* _Your assignment_
In the listing below, print exactly the lines between the line holding "move=> us sa." and the line holding "by rewrite -sum1_card", inclusive, and no more.

--- START ---

Lemma card_last_of s a : uniq s -> a \in s -> #|last_of s a| * size s = k`!.
Proof.
move=> us sa.
have total : \sum_(b <- s) #|last_of s b| = k`!.
  rewrite -card_Sn -sum1_card.
  transitivity (\sum_(p : {perm 'I_k}) \sum_(b <- s) (p \in last_of s b) : nat).
    rewrite exchange_big /=; apply: eq_bigr => b _.
    by rewrite -sum1_card big_mkcond; apply: eq_bigr => p _; case: (p \in _).
  apply: eq_big => // p _; rewrite last_of_unique //.
  by apply/eqP => s0; rewrite s0 in sa.
rewrite -total (eq_big_seq (fun _ => #|last_of s a|)); last first.
  by move=> b sb; apply: card_last_of_swap.
by rewrite big_const_seq count_predT iter_addn_0 mulnC.
Qed.

End LastInOrder.

Section NatSums.
Variable R : realType.

Lemma sum_truncate (f : nat -> R) N S :
  (forall n, 0 <= f n) -> (forall n, (S <= n)%N -> f n = 0) ->
  \sum_(0 <= n < N) f n <= \sum_(0 <= n < S) f n.
Proof.
move=> f_ge0 f_eq0; have [NS|SN] := leqP N S.
  by rewrite [X in _ <= X](big_cat_nat (leq0n N) NS) /= lerDl sumr_ge0.
rewrite (big_cat_nat (leq0n S) (ltnW SN)) /= [X in _ + X]big1_seq ?addr0 //.
by move=> n /andP[_]; rewrite mem_index_iota => /andP[Sn _]; apply: f_eq0.
Qed.

Lemma sum_indicator (F : nat -> R) m S : (m < S)%N ->
  \sum_(0 <= n < S) (m == n)%:R * F n = F m.
Proof.
move=> mS; rewrite (bigD1_seq m) ?mem_index_iota ?iota_uniq //= eqxx mul1r.
by rewrite big1 ?addr0 // => n; rewrite eq_sym => /negbTE ->; rewrite mul0r.
Qed.

End NatSums.

Section TwoColorings.
Variable R : realType.
Implicit Types (t : R) (y : nat -> R) (side : nat -> bool).

Definition color_budget t y side (N : nat) : Prop :=
  forall b, \sum_(0 <= j < N) (if side j == b then y j else 0) <= t.

(* for nonincreasing y >= 0, a color class among the first 3 (resp. 5) indices
   contains 2 (resp. 3) of them *)
Lemma two_color_pair t y side : (forall j, y j.+1 <= y j) -> (forall j, 0 <= y j) ->
  color_budget t y side 3 -> y 1%N + y 2%N <= t.
Proof.
move=> mono y_ge0 budget; have := budget true; have := budget false.
rewrite /index_iota /= !big_cons !big_nil.
have := mono 0%N; have := mono 1%N; have := y_ge0 2%N.
by case: (side 0%N); case: (side 1%N); case: (side 2%N) => /=; lra.
Qed.

Lemma two_color_triple t y side : (forall j, y j.+1 <= y j) -> (forall j, 0 <= y j) ->
  color_budget t y side 5 -> y 2%N + y 3%N + y 4%N <= t.
Proof.
move=> mono y_ge0 budget; have := budget true; have := budget false.
rewrite /index_iota /= !big_cons !big_nil.
have := mono 0%N; have := mono 1%N; have := mono 2%N; have := mono 3%N; have := y_ge0 4%N.
by case: (side 0%N); case: (side 1%N); case: (side 2%N); case: (side 3%N);
  case: (side 4%N) => /=; lra.
Qed.

(* some color class contains m of the first n+1 indices when 2m <= n+2 *)
Lemma two_color_majority t y side n m :
  (forall j, y j.+1 <= y j) -> (forall j, 0 <= y j) ->
  color_budget t y side n.+1 -> (m.*2 <= n.+2)%N -> m%:R * y n <= t.
Proof.
move=> mono y_ge0 budget hm.
pose cnt b := (\sum_(0 <= j < n.+1) (side j == b))%N.
have cnt_total : (cnt true + cnt false = n.+1)%N.
  rewrite /cnt -big_split /= (eq_bigr (fun _ => 1%N)); last by move=> j _; case: (side j).
  by rewrite sum_nat_const_nat subn0 muln1.
have y_le j : (j <= n)%N -> y n <= y j.
  move=> /subnKC <-; elim: (n - j)%N => [|i IH]; first by rewrite addn0.
  by rewrite addnS; apply: le_trans (mono _) IH.
have cnt_bound b : (cnt b)%:R * y n <= t.
  apply: le_trans (budget b).
  rewrite /cnt natr_sum big_distrl /= !big_nat; apply: ler_sum => j /andP[_ jn].
  by case: (side j == b); rewrite ?mul0r // mul1r y_le.
have [b mb] : exists b, (m <= cnt b)%N.
  have [mt|tm] := leqP m (cnt true); first by exists true.
  by exists false; move: tm hm cnt_total; rewrite -addnn; lia.
by apply: le_trans (cnt_bound b); rewrite ler_wpM2r // ler_nat.
Qed.

End TwoColorings.

Section IntervalMeasure.
Variable R : realType.
Local Open Scope classical_set_scope.
Local Notation lambda := (@lebesgue_measure R).

Lemma lebesgue_le (A B : set R) : A `<=` B -> (lambda A <= lambda B)%E.
Proof. by move=> AB; apply: le_mu_ext. Qed.

Lemma lebesgue_two_intervals (a T M b : R) (A : set R) : a <= T ->
  A `<=` `]a, T] `|` `]M, b[ -> (lambda A <= ((T - a) + Num.max 0 (b - M))%:E)%E.
Proof.
move=> aT AB.
have union_le : (lambda (`]a, T] `|` `]M, b[) <= lambda `]a, T] + lambda `]M, b[)%E :=
  @measureU2 _ _ _ lambda _ _ (measurable_itv _) (measurable_itv _).
apply: le_trans (lebesgue_le AB) _; apply: le_trans union_le _.
have lenL := lebesgue_measure_itv `]a, T]%R; have lenR := lebesgue_measure_itv `]M, b[%R.
rewrite /= in lenL lenR; rewrite lenL lenR !lte_fin EFinD; apply: leeD.
  by case: ifP => _; rewrite lee_fin ?subr_ge0.
by case: ifP => _; rewrite lee_fin ?le_max ?lexx ?orbT.
Qed.

End IntervalMeasure.

Lemma gcr_color_eq (R : realType) (V : finType) (k : nat) (x : V -> 'I_k -> R)
    (d : V -> 'I_k) (rho : R) (p : {perm 'I_k}) (w : V) (c : 'I_k) :
  x w c < rho -> (forall j : 'I_k, ((p^-1)%g c < j)%N -> ~~ (x w (p j) < rho)) ->
  gcr_color x d rho p w = c.
Proof.
move=> wc late; rewrite /gcr_color; case: pickP => [j /andP[xj /forallP after] | none].
  have [cj|jc|/val_inj <-] := ltngtP ((p^-1)%g c) j; last by rewrite permKV.
  - by move: (late j cj); rewrite xj.
  - by have := after ((p^-1)%g c); rewrite jc /= permKV wc.
have := none ((p^-1)%g c); rewrite /= permKV wc /=.
by case/negP; apply/forallP => j; apply/implyP; apply: late.
Qed.

Section EdgeRounding.
Variable R : realType.
Variables (V E : finType) (k : nat) (ends : E -> {set V}) (lab : E -> 'I_k).
Variables (x : V -> 'I_k -> R) (xe : E -> R) (e : E) (d : V -> 'I_k) (u v : V).
Hypothesis ends_e : ends e = [set u; v].
Hypothesis feas : minecc_feasible ends lab x xe.
Hypothesis xe_ge : forall w, w \in ends e -> x w (lab e) <= xe e.

Local Notation c := (lab e).
Local Notation t := (xe e).

(* color i enters S_i at an endpoint of e as soon as rho > entry i *)
Definition entry (i : 'I_k) : R := Num.min (x u i) (x v i).

Definition rivals : seq 'I_k :=
  sort (fun i j => entry i <= entry j) [seq i <- enum 'I_k | i != c].

Definition rival_entry (n : nat) : R :=
  if (n < size rivals)%N then entry (nth c rivals n) else 1.

Definition first_late (p : {perm 'I_k}) : nat :=
  find (fun i => pos p c < pos p i)%N rivals.

Lemma x_range w i : 0 <= x w i <= 1.
Proof. by case: feas => _ [_ [range _]]. Qed.

Lemma entry_le w i : w \in ends e -> entry i <= x w i.
Proof. by rewrite ends_e !inE /entry => /orP[] /eqP ->; rewrite ge_min lexx ?orbT. Qed.

Lemma entry_le1 i : entry i <= 1.
Proof.
have ue : u \in ends e by rewrite ends_e !inE eqxx.
by apply: le_trans (entry_le i ue) _; case/andP: (x_range u i).
Qed.

Lemma mem_rivals i : (i \in rivals) = (i != c).
Proof. by rewrite mem_sort mem_filter mem_enum andbT. Qed.

Lemma uniq_rivals : uniq rivals.
Proof. by rewrite sort_uniq filter_uniq // enum_uniq. Qed.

--- END ---

* _Task response_
move=> us sa.
have total : \sum_(b <- s) #|last_of s b| = k`!.
  rewrite -card_Sn -sum1_card.
  transitivity (\sum_(p : {perm 'I_k}) \sum_(b <- s) (p \in last_of s b) : nat).
    rewrite exchange_big /=; apply: eq_bigr => b _.
    by rewrite -sum1_card big_mkcond; apply: eq_bigr => p _; case: (p \in _).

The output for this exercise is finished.